I think my Fe in overdrive can manifest as snark. I generally try to engage with people honestly and try to hear their perspectives, even if I don't care for what they're saying. But once they ignore the social construct completely and say something in a manner that directly rubs me the wrong way, or that has gotten us off track and the whole group riled up, I feel less inclined to keep the claws retracted. It's kind of a feeling of, "Okay, if you don't care, I don't care."
[This] paragraph of Tallulah's is exactly what you saw cafe and I doing in the INFJ Common Issues thread. We felt like EW was ignoring the social constructs. As a result, we felt less need to be protective of her feelings, as the message obviously wasn't getting through. This is interesting to consider in regards to Te doing the same when the shoe's on the other foot.
^ no it's not quite the same though ... Te will ignore but Fe will shun, it's different somehow. You risk more battling with an Fe user. You risk being shut out of their lives. It feels more dangerous.
No, you can argue with a Te user and you don't generally risk being shut out of their lives for disagreeing with them. Fe takes exception to dissension in a different personal space. It does take it personal. Te will say, "No shit, you were right. Huh!" And then move on somehow, more easily or readily.

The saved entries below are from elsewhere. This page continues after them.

Lemma pdist_piK_le e x t x' t' a :
  0 < e x t 1 /\ 0 < e x t (-1) -> 0 < e x' t' 1 /\ 0 < e x' t' (-1) ->
  piK e x t a ->
  (pdist a (piK e x' t') <=
   (kdist (e x t 1) (e x' t' 1) + kdist (e x t (-1)) (e x' t' (-1)))%:E)%E.
Proof.
move=> [p1 n1] [p1' n1'] /piK_kpointP [rho [v [rho1 vn ->]]].
have rho2 : rho ^+ 2 = 1 by case: rho1 => ->; rewrite ?sqrrN expr1n.
have [c0 c'0] : 0 < e x t rho /\ 0 < e x' t' rho by case: rho1 => ->.
set l := Num.sqrt (e x' t' rho) / Num.sqrt (e x t rho).
have lvn : sqnorm (l *: v) = n%:R * e x' t' rho.
  by rewrite sqnormZ vn mulrCA sqr_sqrt_divK ?ltW.
apply: le_trans (pdist_le_wdist _ (piK_kpoint rho1 lvn)) _.
rewrite (wdist_kpoint_rescale rho2 c0 (ltW c'0) vn) lee_fin.
by case: rho1 => ->; [rewrite lerDl | rewrite lerDr]; apply: sqrtr_ge0.
Qed.

Lemma hausdorff_piK_le e x t x' t' :
  0 < e x t 1 /\ 0 < e x t (-1) -> 0 < e x' t' 1 /\ 0 < e x' t' (-1) ->
  (hausdorff (piK e x t) (piK e x' t') <=
   (kdist (e x t 1) (e x' t' 1) + kdist (e x t (-1)) (e x' t' (-1)))%:E)%E.
Proof.
move=> pos pos'; apply: hausdorff_le => a; first exact: pdist_piK_le.
by rewrite kdistC [kdist (e x t (-1)) _]kdistC; apply: pdist_piK_le.
Qed.

End ProjectedK.

Lemma continuous_within_slice (R : realType) (T S : pseudoMetricType R)
    (A : set T) (P : set S) (f : T * S -> R) y r :
  {within [set q | A q.1 /\ P q.2], continuous f} -> A y -> P r ->
  forall eta, 0 < eta -> exists2 d, 0 < d &
    forall y', A y' -> ball y d y' -> `|f (y, r) - f (y', r)| < eta.
Proof.
move=> fc Ay Pr eta eta0.
have := proj1 (subspace_continuousP _ _) fc (y, r) (conj Ay Pr).
move/cvgrPdist_lt/(_ eta eta0); rewrite near_withinE => /nbhs_ballP [d d0 fd].
exists d => // y' Ay' yy'; apply: (fd (y', r)) => //.
by split => //=; exact: ballxx.
Qed.

Section HausdorffContinuity.
Variables (R : realType) (n : nat) (U : set ('rV[R]_n * R)) (e : 'rV[R]_n -> R -> R -> R).
Hypothesis e_pos : forall y, U y -> 0 < e y.1 y.2 1 /\ 0 < e y.1 y.2 (-1).

Let itv_pm1_1 : -1 <= (1 : R) <= 1. Proof. by apply/andP; split; lra. Qed.
Let itv_pm1_N1 : -1 <= (-1 : R) <= 1. Proof. by apply/andP; split; lra. Qed.

Lemma hausdorff_piK_continuous :
  {within [set q : 'rV[R]_n * R * R | U q.1 /\ -1 <= q.2 <= 1],
     continuous (fun q : 'rV[R]_n * R * R => e q.1.1 q.1.2 q.2)} ->
  forall y, U y -> forall eps : R, 0 < eps -> exists2 delta : R, 0 < delta &
    forall y', U y' -> ball y delta y' ->
      (hausdorff (piK e y.1 y.2) (piK e y'.1 y'.2) < eps%:E)%E.
Proof.
move=> econt y Uy eps eps0.
have [eta eta0 kdist_lt] := kdist_small n (divr_gt0 eps0 (ltr0Sn R 1)).
have [d1 d10 near1] :=
  continuous_within_slice (P := fun r : R => -1 <= r <= 1) econt Uy itv_pm1_1 eta0.
have [d2 d20 near2] :=
  continuous_within_slice (P := fun r : R => -1 <= r <= 1) econt Uy itv_pm1_N1 eta0.
exists (Order.min d1 d2) => [|y' Uy' yy']; first by rewrite lt_min d10 d20.
apply: le_lt_trans (hausdorff_piK_le (e_pos Uy) (e_pos Uy')) _.
have [[p1 m1] [p1' m1']] := (e_pos Uy, e_pos Uy').
rewrite lte_fin (splitr eps) ltrD // kdist_lt ?ltW //.
  by apply: near1 => //; apply: le_ball yy'; rewrite ge_min lexx.
by apply: near2 => //; apply: le_ball yy'; rewrite ge_min lexx orbT.
Qed.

Hmmmm. Very interesting..... This rings true to me.
I guess I feel like at least with Te, the implicit idol Te serves is logic and pragmatism. And, this is a really good thing because it's a universal leveler. It cuts through the human foibles that go hand in hand with the subjectivity that comes with emotions and personal agendas. The goal is getting [it] done.... And getting [it] done in the most direct, efficient, and practical way possible.
Perhaps this is why I am so open to changing my behavior and opinions if someone can logically argue that they are wrong. And, I think this is a Te strength: re-examining one's reasoning based on the facts at hand and a better logical argument if one is presented. Because I'm not trying to protect my agenda. I'm looking outside myself to see if my agenda fits getting to wherever I'm wanting to get to.
But from my side of the table, it seems like the Fe users that find my posts sometimes off putting, are looking for some validation of their expressed opinions. And, they feel like I'm not giving it to them.
More than that, because I don't give them this validation, they see me re-arguing my point in response to their posts as an overt rejection of what they had to say.... And, they are sort of right.
If I'm completely honest with myself (And, I'm not saying this to upset anyone, nor do I mean I haven't considered what you've had to say) I'm going to go where the logic leads me, regardless of my personal feelings of filial loyalty to you.
If you want me to change my mind which I'm more than willing to do, then you should know I'm looking for straightforward, logical arguments about why my reasoning is wrong. When I don't hear a convincing, logically-based argument, then I'm just plowing forward with what I believe is the self-evident logic of my position.
Additionally, if I respond with a logical argument about why I disagree with you, it's not because I'm trying to embarrass or ignore you. In fact, the very fact that I'm laying out a logical argument for you means I have indeed listened to you and am trying to show you the utmost respect... This is a sign of respect from me because I assume that like me, you hold logical, straightforward arguments in the highest esteem and will tailor you approach if you see the logic in what I'm saying.
This is not always the case.
Again, please no one be offended by my candor regarding my internal process. I felt it important to share what's going on with me to shed some light on this miscommunication I seem to keep having with some Fe / Ti users.